Germany's Scholz calls for pragmatism as U.S. pushes Russia export bans
By Andreas Rinke
REYKJAVIK (Reuters) -German Chancellor Olaf Scholz on Wednesday said his government wanted pragmatic measures to prevent the circumvention of sanctions imposed on Russia, appearing to temper U.S. calls for a more wide-ranging ban on exports.
Scholz will attend a meeting of leaders of the Group of Seven (G7) nations in Japan this week to discuss plans to tighten sanctions on Russia over the war in Ukraine.
New measures will include targeting sanctions evasion involving third countries, officials familiar with the talks have said. U.S. officials also expect G7 members to agree to adjust their approach to sanctions so that, at least for certain categories of goods, all exports are automatically banned unless they are on a list of approved items.
"We're trying to promote good, pragmatic further development," Scholz said when asked about this on the sidelines of a Council of Europe meeting in Iceland.
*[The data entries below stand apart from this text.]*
Lemma ext_char_on : is_character_on ext_set ext_char.
Proof.
split => [_ _ /ext_setP[h [k [Hh km ->]]] /ext_setP[h' [k' [Hh' k'm ->]]]|]; last first.
  move=> _ /ext_setP[h [k [Hh km ->]]].
  by rewrite ext_charE // cabsM cabsX chiH.2 // w1 expr1n mulr1.
have Hhh' := subzmodD zH Hh Hh'.
rewrite addrACA -mulrnDr (ext_charE Hh km) (ext_charE Hh' k'm).
have [lt_m|ge_m] := ltnP (k + k') m.
  by rewrite ext_charE // chiH.1 // exprD; ring.
(* carry: g *+ (k + k') = g *+ m + g *+ (k + k' - m), and chi (g *+ m) = w ^+ m *)
have -> : (k + k' = m + (k + k' - m))%N by lia.
rewrite mulrnDr addrA ext_charE ?subzmodD //; last lia.
by rewrite !chiH.1 ?subzmodD // -wm -mulrA -exprD subnKC // exprD; ring.
Qed.

Lemma sub_ext_set : {subset H <= ext_set}.
Proof. by move=> x Hx; apply/ext_setP; exists x, 0%N; rewrite mulr0n addr0. Qed.

Lemma ext_char_extends : {in H, ext_char =1 chi}.
Proof.
by move=> x Hx; have := ext_charE Hx m_gt0; rewrite mulr0n addr0 expr0 mulr1.
Qed.

Lemma ext_char_gen : g \in ext_set /\ ext_char g = w.
Proof.
have [m_gt1|m_le1] := ltnP 1 m.
  have := ext_charE zH.1 m_gt1; rewrite add0r mulr1n (character_on0 zH chiH) mul1r expr1 => ->.
  by split => //; apply/ext_setP; exists 0, 1%N; rewrite add0r mulr1n zH.1.
have m1 : m = 1%N by lia.
move: gmH wm; rewrite m1 mulr1n expr1 => Hg ->.
by split; [exact: sub_ext_set | exact: ext_char_extends].
Qed.

End Extension.

Lemma exists_root_of_unity_neq1 m : (1 < m)%N -> exists2 w : R[i], w ^+ m = 1 & w != 1.
Proof.
move=> m_gt1; have m1_gt0 : (0 < m.-1)%N by lia.
have [w wE] := @solve_monicpoly R[i] m.-1 (fun=> -1) m1_gt0.
(* w is a root of 1 + X + ... + X^(m-1) *)
have sum_w : \sum_(i < m) w ^+ i = 0.
  rewrite -(prednK (ltnW m_gt1)) big_ord_recr /= wE -big_split /=.
  by rewrite big1 // => i _; rewrite mulN1r subrr.
exists w; first by apply/eqP; rewrite -subr_eq0 subrX1 sum_w mulr0.
apply/eqP => w_eq1; move: sum_w; rewrite w_eq1.
under eq_bigr do rewrite expr1n.
by rewrite sumr_const card_ord => /eqP; rewrite pnatr_eq0; lia.
Qed.

Lemma cabs_eq1_of_exp (w : R[i]) m : (0 < m)%N -> cabs (w ^+ m) = 1 -> cabs w = 1.
Proof. by move=> m_gt0; rewrite cabsX => /eqP; rewrite pexpr_eq1 ?cabs_ge0 // => /eqP. Qed.

Lemma extend_character_on H chi g : subzmod H -> is_character_on H chi ->
  exists H' (chi' : G -> R[i]), [/\ subzmod H', is_character_on H' chi',
    {subset H <= H'}, {in H, chi' =1 chi} & g \in H'].
Proof.
move=> zH chiH; have [m [m_gt0 gmH m_min]] := exists_min_multiple g zH.
pose w := m.-root (chi (g *+ m)).
have wm : w ^+ m = chi (g *+ m) by rewrite rootCK.
have w1 : cabs w = 1 by apply: (cabs_eq1_of_exp m_gt0); rewrite wm chiH.2.
exists (ext_set H g m), (ext_char H chi g m w); split.
- exact: subzmod_ext.
- exact: ext_char_on.
- exact: sub_ext_set.
- exact: ext_char_extends.
- by have [] := ext_char_gen zH chiH m_gt0 gmH m_min wm.
Qed.

Lemma exists_separating_character_on z : z != 0 -> forall s : seq G,
  exists H chi, [/\ subzmod H, is_character_on H chi, z \in H, chi z != 1 & {subset s <= H}].
Proof.
move=> z_neq0; elim=> [|a s [H [chi [zH chiH Hz chiz sH]]]]; last first.
  have [H' [chi' [zH' chiH' sHH' chi'E Ha]]] := extend_character_on a zH chiH.
  exists H', chi'; split; rewrite ?chi'E ?sHH' // => x.
  by rewrite inE => /predU1P[->|/sH/sHH'].
pose H0 : {set G} := [set 0].
have zH0 : subzmod H0.
  by split; rewrite ?set11 // => x y; rewrite !inE => /eqP-> /eqP->; rewrite subrr.
have chiH0 : is_character_on H0 (fun=> 1) by split => * //; rewrite ?mulr1 ?cabs1.
have [m [m_gt0 zmH m_min]] := exists_min_multiple z zH0.
have m_gt1 : (1 < m)%N.
  by rewrite ltn_neqAle m_gt0 andbT; apply: contraNneq z_neq0 => m1; rewrite -m1 inE in zmH.
have [w wm w_neq1] := exists_root_of_unity_neq1 m_gt1.
have w1 : cabs w = 1 by apply: (cabs_eq1_of_exp (ltnW m_gt1)); rewrite wm cabs1.
have [Hz chiz] := ext_char_gen zH0 chiH0 m_gt0 zmH m_min wm.
exists (ext_set H0 z m), (ext_char H0 (fun=> 1) z m w); split => //; rewrite ?chiz //.
- exact: subzmod_ext.
- exact: ext_char_on.
Qed.

Lemma separating_character z : z != 0 ->
  exists2 chi : {ffun G -> R[i]}, is_character chi & chi z != 1.
Proof.
move=> z_neq0; have [H [chi [_ [chiM chi1] _ chiz sH]]] :=
  exists_separating_character_on z_neq0 (enum G).
have HT x : x \in H by apply: sH; rewrite mem_enum.
exists [ffun x => chi x]; last by rewrite ffunE.
by split => [x y|x]; rewrite !ffunE ?chiM ?chi1.
Qed.

End Separation.

Lemma sqrtr_invM (R : rcfType) (a : R) : 0 <= a -> (Num.sqrt a)^-1 * a = Num.sqrt a.
Proof.
move=> a0; have [->|a_neq0] := eqVneq a 0; first by rewrite sqrtr0 invr0 mul0r.
have sa_neq0 : Num.sqrt a != 0 by rewrite sqrtr_eq0 -ltNge lt_neqAle eq_sym a_neq0.
by rewrite -{2}(sqr_sqrtr a0) expr2 mulKf.
Qed.

Section Fourier.
Variables (R : realType) (G : finZmodType).
Implicit Types f g : G -> R[i].

Lemma eq_fourier f g chi : f =1 g -> fourier f chi = fourier g chi.
Proof. by move=> fg; rewrite /fourier; congr (_ * _); apply: eq_bigr => x _; rewrite fg. Qed.

Lemma fourierD f g chi : fourier (fun x => f x + g x) chi = fourier f chi + fourier g chi.
Proof.
rewrite /fourier -mulrDr -big_split; congr (_ * _).
by apply: eq_bigr => x _; rewrite mulrDl.
Qed.

End Fourier.

Section Dual.
Variables (R : realType) (G : finZmodType) (ghat : seq {ffun G -> R[i]}).
Hypothesis ghatP : enumerates_dual ghat.

Let dual_character (chi : {ffun G -> R[i]}) : chi \in ghat -> is_character chi.
Proof. exact: (ghatP.2 chi).1. Qed.

Let character_in_dual (chi : {ffun G -> R[i]}) : is_character chi -> chi \in ghat.
Proof. exact: (ghatP.2 chi).2. Qed.

Lemma sum_dual z : \sum_(chi <- ghat) chi z = if z == 0 then (size ghat)%:R else 0.
Proof.
case: eqP => [->|/eqP z_neq0].
  rewrite big_seq (eq_bigr (fun=> 1)) => [|chi chiD]; last exact/character0/dual_character.
  by rewrite -big_seq big_const_seq iter_addr_0 count_predT.
have [psi psiP psiz] := separating_character R z_neq0.
(* multiplication by psi permutes the dual group *)
pose mul_psi (chi : {ffun G -> R[i]}) : {ffun G -> R[i]} := [ffun x => psi x * chi x].
have mul_psi_inj : injective mul_psi.
  move=> chi chi' E; apply/ffunP => x.
  have := congr1 (fun F : {ffun G -> R[i]} => F x) E; rewrite /mul_psi !ffunE.
  by move=> psi_chi; apply: (mulfI (character_neq0 x psiP)).
have perm_psi : perm_eq ghat (map mul_psi ghat).
  apply: uniq_perm; rewrite ?map_inj_uniq //; try exact: ghatP.1.
  move=> chi; apply/idP/mapP => [chiD|[chi' chi'D ->]]; last first.
    by apply/character_in_dual/character_ffun/characterM/dual_character.
  exists [ffun x => psi (- x) * chi x]; last first.
    by apply/ffunP => x; rewrite !ffunE mulrA -psiP.1 subrr character0 ?mul1r.
  by apply/character_in_dual/character_ffun/characterM/dual_character;
    [exact: characterN|].
apply: eq0_mul_fixed psiz _.
rewrite mulr_sumr [RHS](perm_big _ perm_psi) big_map.
by apply: eq_bigr => chi _; rewrite ffunE.
Qed.

Lemma size_dual : size ghat = #|G|.
Proof.
have one_dual : [ffun=> 1] \in ghat by apply/character_in_dual/character_ffun/character1.
apply/eqP; rewrite -(eqr_nat R[i]); apply/eqP.
transitivity (\sum_(chi <- ghat) \sum_x chi x).
  rewrite exchange_big /= (bigD1 0) //= sum_dual eqxx big1 ?addr0 // => x x_neq0.
  by rewrite sum_dual (negbTE x_neq0).
rewrite (eq_big_seq _ (fun chi chiD => sum_character (dual_character chiD))).
by rewrite -big_mkcond /= big_const_seq iter_addr_0 (count_uniq_mem _ ghatP.1) one_dual.
Qed.

Lemma fourier_inversion f x :
  \sum_(chi <- ghat) fourier f chi * chi x = (Num.sqrt (#|G|%:R : R))%:C%C * f x.
Proof.
have dual_orth y : \sum_(chi <- ghat) (chi y)^* * chi x = if y == x then #|G|%:R else 0.
  rewrite -size_dual eq_sym -subr_eq0 -sum_dual; apply: eq_big_seq => chi /dual_character chiP.
  by rewrite character_conj // -chiP.1 addrC.
under eq_bigr do rewrite /fourier -mulrA mulr_suml.
rewrite -mulr_sumr exchange_big /=.
under eq_bigr => y _.
  under eq_bigr do rewrite -mulrA.
  by rewrite -mulr_sumr dual_orth; over.
rewrite (bigD1 x) //= eqxx big1 ?addr0 => [|y /negbTE->]; last by rewrite mulr0.
by rewrite mulrCA -(rmorph_nat (real_complex R)) -rmorphM sqrtr_invM ?ler0n // mulrC.
Qed.

Lemma fourier_inversion_bound f x :
  Num.sqrt (#|G|%:R : R) * cabs (f x) <= \sum_(chi <- ghat) cabs (fourier f chi).
Proof.
rewrite -[Num.sqrt _](@cabs_real R) ?sqrtr_ge0 // -cabsM -fourier_inversion.
apply: le_trans (cabs_sum _ _ _) _; rewrite big_seq [leRHS]big_seq.
by apply: ler_sum => chi /dual_character chiP; rewrite cabsM chiP.2 mulr1.
Qed.

Lemma plancherel h : \sum_(chi <- ghat) cabs (fourier h chi) ^+ 2 = \sum_x cabs (h x) ^+ 2.
Proof.
pose c : R := (Num.sqrt (#|G|%:R : R))^-1.
have conj_fourier chi : (fourier h chi)^* = c%:C%C * \sum_y (h y)^* * chi y.
  rewrite /fourier rmorphM rmorph_sum /=; congr (_ * _).
    by apply/conj_Creal/complex_realP; exists c.
  by apply: eq_bigr => y _; rewrite rmorphM /= conjCK.
apply: complexI; rewrite !rmorph_sum /=.
under eq_bigr do rewrite cabs_sqr conj_fourier mulrCA mulr_sumr.
under [RHS]eq_bigr do rewrite cabs_sqr.
rewrite -mulr_sumr exchange_big /=.
under eq_bigr => y _.
  under eq_bigr do rewrite mulrCA.
  by rewrite -mulr_sumr fourier_inversion; over.
have sqrt_neq0 : Num.sqrt (#|G|%:R : R) != 0.
  by rewrite gt_eqF // sqrtr_gt0 ltr0n; apply/card_gt0P; exists 0.
rewrite /= mulr_sumr; apply: eq_bigr => y _.
by rewrite mulrCA (mulrA c%:C%C) -(rmorphM (real_complex R)) mulVf // rmorph1 mul1r mulrC.
Qed.

End Dual.

Section Norms.
Variables (R : realType) (G : finZmodType).
Implicit Types (p q : R) (S : {set G}) (f : G -> R[i]).
Implicit Types (ghat : seq {ffun G -> R[i]}) (F : {ffun G -> R[i]} -> R[i]).

Lemma restriction_estimate_ge0 ghat Sigma p q rho :
  restriction_estimate ghat Sigma p q rho -> 0 <= rho.
Proof.
move=> /(_ (fun=> 1)); rewrite /LnormG.
under eq_bigr do rewrite cabs1 powR1.
rewrite sumr_const (_ : #|_| = #|G|); last by apply: eq_card => x; rewrite !inE.
move=> /(le_trans (powR_ge0 _ _)); rewrite pmulr_lge0 // powR_gt0 // ltr0n.
by apply/card_gt0P; exists 0.
Qed.

Lemma LnormG_split p S f : 1 <= p ->
  LnormG p [pred x | true] f <= LnormG p S f + LnormG p [pred x | x \notin S] f.
Proof.
move=> p1; have p_gt0 : 0 < p by apply: lt_le_trans p1.
have sumE (P : pred G) :
    \sum_(x in [pred x | true] | P x) cabs (f x) `^ p = \sum_(x | P x) cabs (f x) `^ p.
  by apply: eq_bigl => x; rewrite inE.
rewrite /LnormG (bigID (fun x => x \in S)) /= !sumE; apply: powRD_le.
- by apply: sumr_ge0 => x _; apply: powR_ge0.
- by apply: sumr_ge0 => x _; apply: powR_ge0.
- by rewrite invr_gt0 p_gt0 invf_le1.
Qed.

Lemma LnormG_le_card p S f M : 0 < p -> 0 <= M -> (forall x, x \in S -> cabs (f x) <= M) ->
  LnormG p S f <= #|S|%:R `^ p^-1 * M.
Proof.
move=> p_gt0 M0 fM; apply: (@le_trans _ _ ((\sum_(x in S) M `^ p) `^ p^-1)).
  apply: ge0_ler_powR; rewrite ?nnegrE.
  - by rewrite invr_ge0 ltW.
  - by apply: sumr_ge0 => x _; apply: powR_ge0.
  - by apply: sumr_ge0 => x _; apply: powR_ge0.
  apply: ler_sum => x Sx; apply: ge0_ler_powR; rewrite ?nnegrE ?cabs_ge0 ?fM //.
  exact: ltW.
rewrite sumr_const -[M `^ p *+ _]mulr_natr powRM ?powR_ge0 ?ler0n // -powRrM mulfV ?gt_eqF //.
by rewrite powRr1 // mulrC.
Qed.

Lemma LnormG_supported p S f : 1 <= p -> (forall x, x \notin S -> f x = 0) ->
  LnormG p [pred x | true] f <= LnormG p S f.
Proof.
move=> p1 f0; have p_gt0 : 0 < p := lt_le_trans ltr01 p1.
apply: le_trans (LnormG_split S f p1) _.
rewrite [X in _ + X]/LnormG big1 => [|x]; last first.
  by rewrite inE => /f0->; rewrite cabs0 powR0 ?gt_eqF.
by rewrite powR0 ?addr0 // invr_eq0 gt_eqF.
Qed.

Lemma LnormD_split q ghat (Sigma : {pred {ffun G -> R[i]}}) F : 1 <= q ->
  LnormD q ghat predT F <= LnormD q ghat Sigma F + LnormD q ghat [pred chi | chi \notin Sigma] F.
Proof.
move=> q1; have q_gt0 : 0 < q by apply: lt_le_trans q1.
rewrite /LnormD (bigID Sigma) /=; apply: powRD_le.
- by apply: sumr_ge0 => chi _; apply: powR_ge0.
- by apply: sumr_ge0 => chi _; apply: powR_ge0.
- by rewrite invr_gt0 q_gt0 invf_le1.
Qed.

Lemma LnormD_le_L2 q ghat (P : {pred {ffun G -> R[i]}}) F : 1 <= q <= 2 ->
  LnormD q ghat P F <=
  (size [seq chi <- ghat | P chi])%:R `^ (q^-1 - 2^-1) * LnormD 2 ghat P F.
Proof.
move=> /andP[q1 q2]; have q_gt0 : 0 < q by apply: lt_le_trans q1.
have two_neq0 : (2 : R) != 0 by rewrite pnatr_eq0.
have := @sum_powR_le R _ ghat P (fun chi => cabs (F chi) `^ 2) (q / 2) (fun=> powR_ge0 _ _).
rewrite divr_gt0 // ler_pdivrMr // mul1r q2 => /(_ isT).
under eq_bigr do rewrite -powRrM mulrCA mulfV // mulr1.
have qV_ge0 : 0 <= q^-1 by rewrite invr_ge0 ltW.
move=> /(ge0_ler_powR qV_ge0).
rewrite !nnegrE sumr_ge0 ?mulr_ge0 ?powR_ge0 // => [/(_ isT isT) le_q|chi _]; last first.
  exact: powR_ge0.
rewrite /LnormD (le_trans le_q) // powRM ?powR_ge0 // -!powRrM size_filter.
have -> : (1 - q / 2) * q^-1 = q^-1 - 2^-1 by field; rewrite gt_eqF.
by have -> : q / 2 * q^-1 = 2^-1 by field; rewrite gt_eqF.
Qed.

End Norms.

Section FourierEstimates.
Variables (R : realType) (G : finZmodType) (ghat : seq {ffun G -> R[i]}).
Hypothesis ghatP : enumerates_dual ghat.
Implicit Types (q : R) (S : {set G}) (f g : G -> R[i]).

Lemma LnormD_fourier_ge_cabs q g x : 1 <= q ->
  #|G|%:R `^ (q^-1 - 2^-1) * cabs (g x) <= LnormD q ghat predT (fun chi => fourier g chi).
Proof.
move=> q1; have q_gt0 : 0 < q by apply: lt_le_trans q1.
set n : R := #|G|%:R; have n_gt0 : 0 < n by rewrite ltr0n; apply/card_gt0P; exists 0.
have hoelder : \sum_(chi <- ghat) cabs (fourier g chi) <=
    n `^ (1 - q^-1) * LnormD q ghat predT (fun chi => fourier g chi).
  have := @sum_powR_le R _ ghat predT (fun chi => cabs (fourier g chi) `^ q) q^-1
    (fun=> powR_ge0 _ _).
  rewrite invr_gt0 q_gt0 invf_le1 // q1 count_predT size_dual // => /(_ isT).
  by under eq_bigr do rewrite -powRrM mulfV ?gt_eqF // powRr1 ?cabs_ge0 //.
have sqrt_n : Num.sqrt n = n `^ (1 - q^-1) * n `^ (q^-1 - 2^-1).
  rewrite -powR12_sqrt ?(ltW n_gt0) // -powRD ?(lt0r_neq0 n_gt0) ?implybT //.
  by congr (_ `^ _); lra.
have := le_trans (fourier_inversion_bound ghatP g x) hoelder.
by rewrite sqrt_n -mulrA ler_pM2l ?powR_gt0.
Qed.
He hoped an agreement will be reached "without there being any major system changes".
European leaders at the Council of Europe summit in Reykjavik had discussed ways to hold Russia to account for the invasion of Ukraine and unveiled a mechanism to track the losses and damage inflicted by Moscow's forces.
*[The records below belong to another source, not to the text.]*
(* Let $P(X)=\prod_{i=1}^n(X-x_i)=\sum_{i=0}^n a_iX^i$ ($a_n=1$) and $G^{ij}=\Gamma_{\mathbb E}(a_i,a_j)$, $0\le i,j\le n-1$, regarded as polynomial functions of $(a_0,\dots,a_{n-1})$. Then on the set $\mathcal D$ of coefficient vectors of polynomials with $n$ distinct real roots: (1) $\mathrm{discr}(P)=\det(G^{ij})_{0\le i,j\le n-1}$; (2) for every $i\in\{0,\dots,n-1\}$, $\sum_j G^{ij}\,\partial_{a_j}\log\mathrm{discr}(P)=2\sum_j\partial_{a_j}G^{ij}$; (3) $\sum_{i,j}X^iG^{ij}\,\partial_{a_j}\log\mathrm{discr}(P)=-P''(X)$, i.e. $\Gamma_{\mathbb E}\big(P(X),\log\mathrm{discr}(P)\big)=-P''(X)$.
   Context: $\Gamma_{\mathbb E}(f,g)=\sum_i\partial_{x_i}f\,\partial_{x_i}g$ on $\mathbb{R}^n$. For $P=\prod(X-x_i)$, $\mathrm{discr}(P)=\prod_{i<j}(x_i-x_j)^2$, a polynomial in the coefficients. $P''$ is the second derivative in $X$. *)

From Stdlib Require Import Reals Arith ClassicalEpsilon.
Open Scope R_scope.

Fixpoint fsum (n : nat) (f : nat -> R) : R :=
  match n with O => 0 | S m => fsum m f + f m end.
Fixpoint fprod (n : nat) (f : nat -> R) : R :=
  match n with O => 1 | S m => fprod m f * f m end.

(* coefx n x i = coefficient of X^i in prod_{k<n} (X - x_k) *)
Fixpoint coefx (n : nat) (x : nat -> R) (i : nat) : R :=
  match n with
  | O => if Nat.eqb i 0 then 1 else 0
  | S m => (match i with O => 0 | S i' => coefx m x i' end) - x m * coefx m x i
  end.

(* the derivative of f : R -> R at t (chosen; meaningful where f is differentiable) *)
Definition deriv1 (f : R -> R) (t : R) : R :=
  epsilon (inhabits 0) (fun l => derivable_pt_lim f t l).

Definition upd (x : nat -> R) (k : nat) (t : R) : nat -> R :=
  fun i => if Nat.eqb i k then t else x i.

Definition pd (F : (nat -> R) -> R) (x : nat -> R) (k : nat) : R :=
  deriv1 (fun t => F (upd x k t)) (x k).

Definition GammaE (n : nat) (F H : (nat -> R) -> R) (x : nat -> R) : R :=
  fsum n (fun k => pd F x k * pd H x k).

(* x_0 < ... < x_{n-1} are the roots of X^n + sum_{i<n} a_i X^i *)
Definition is_ordered_roots (n : nat) (a x : nat -> R) : Prop :=
  (forall k, (S k < n)%nat -> x k < x (S k)) /\
  (forall i, (i < n)%nat -> a i = coefx n x i).

Definition inD (n : nat) (a : nat -> R) : Prop := exists x, is_ordered_roots n a x.

Definition roots (n : nat) (a : nat -> R) : nat -> R :=
  epsilon (inhabits (fun _ => 0)) (is_ordered_roots n a).

(* G^{ij} = Gamma_E(a_i, a_j), as a function of the coefficients (on D) *)
Definition G (n i j : nat) (a : nat -> R) : R :=
  GammaE n (fun y => coefx n y i) (fun y => coefx n y j) (roots n a).

Definition discr (n : nat) (a : nat -> R) : R :=
  let x := roots n a in fprod n (fun j => fprod j (fun i => (x i - x j) ^ 2)).

Definition Peval (n : nat) (a : nat -> R) (X : R) : R :=
  X ^ n + fsum n (fun i => a i * X ^ i).

Fixpoint det (n : nat) (M : nat -> nat -> R) : R :=
  match n with
  | O => 1
  | S m => fsum (S m) (fun j =>
      (-1) ^ j * M O j * det m (fun r c => M (S r) (if Nat.ltb c j then c else S c)))
  end.

From Pilot Require Import Defs.
From Stdlib Require Import Reals ClassicalEpsilon Lra Lia FunctionalExtensionality.
From mathcomp Require Import all_boot all_algebra.
From mathcomp Require Import Rstruct.
(* re-import so that [fprod] refers to the product of Defs, not MathComp's *)
Import Defs.
Open Scope R_scope.

(* The proof works in root coordinates.  Write P_l = P/(X - x_l),
   P_{lk} = P/((X - x_l)(X - x_k)) and E_{l i} = [X^i] P_l.
   - Since d a_i / d x_l = -E_{l i}, G = E^T E is a Gram matrix.
   - (1): the Vandermonde matrix V_{k j} = x_k^j satisfies V E^T = diag(P'(x_k))
     because P_l(x_k) = delta_{kl} P'(x_k); as det V^2 = discr and
     prod_k P'(x_k)^2 = discr^2, det G = det E^2 = discr.
   - The ordered roots depend differentiably on a, with
     w_{j k} := d x_k / d a_j = - x_k^j / P'(x_k) (an implicit-function argument
     through the intermediate value theorem); hence d_j log discr = sum_k w_{j k} c_k
     with c_k = sum_{l <> k} 2 / (x_k - x_l).
   - The rows of E are dual to the columns of w: sum_j E_{l j} w_{j k} = -delta_{kl}.
     This turns both sides of (2) into multiples of sum_l E_{l i} c_l, and the
     left side of (3) into - sum_{k <> l} P_{lk}(X) = - P''(X). *)

Lemma fsum_ext n f g : (forall i, (i < n)%coq_nat -> f i = g i) -> fsum n f = fsum n g.
Proof.
elim: n => [|n IH] H //=; rewrite IH; first by rewrite H //; lia.
by move=> i Hi; apply: H; lia.
Qed.

Lemma fprod_ext n f g : (forall i, (i < n)%coq_nat -> f i = g i) -> fprod n f = fprod n g.
Proof.
elim: n => [|n IH] H //=; rewrite IH; first by rewrite H //; lia.
by move=> i Hi; apply: H; lia.
Qed.

Lemma fsum_add n f g : fsum n (fun i => f i + g i) = fsum n f + fsum n g.
Proof. elim: n => [|n IH] /=; [ring | rewrite IH; ring]. Qed.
But Scholz said it was not clear how exactly Russia could be made to pay for the damage, suggesting there were few legal options to use frozen Russian assets for example.
Asked whether Berlin would yield to Kyiv's wishes for advanced fighter jets, Scholz said Germany's task was to strengthen Ukraine's air defences.
During the summit, Britain had said it was working with the Netherlands to forge an international coalition to help Ukraine obtain F-16 jets from its allies, though Britain, Germany and the U.S. have so far balked at supplying their own planes.
The German defence ministry published a statement on Wednesday saying it had "a positive view of the Dutch-British push to form a fighter jet coalition for Ukraine" but stressed again Germany would not contribute jets from its own stocks.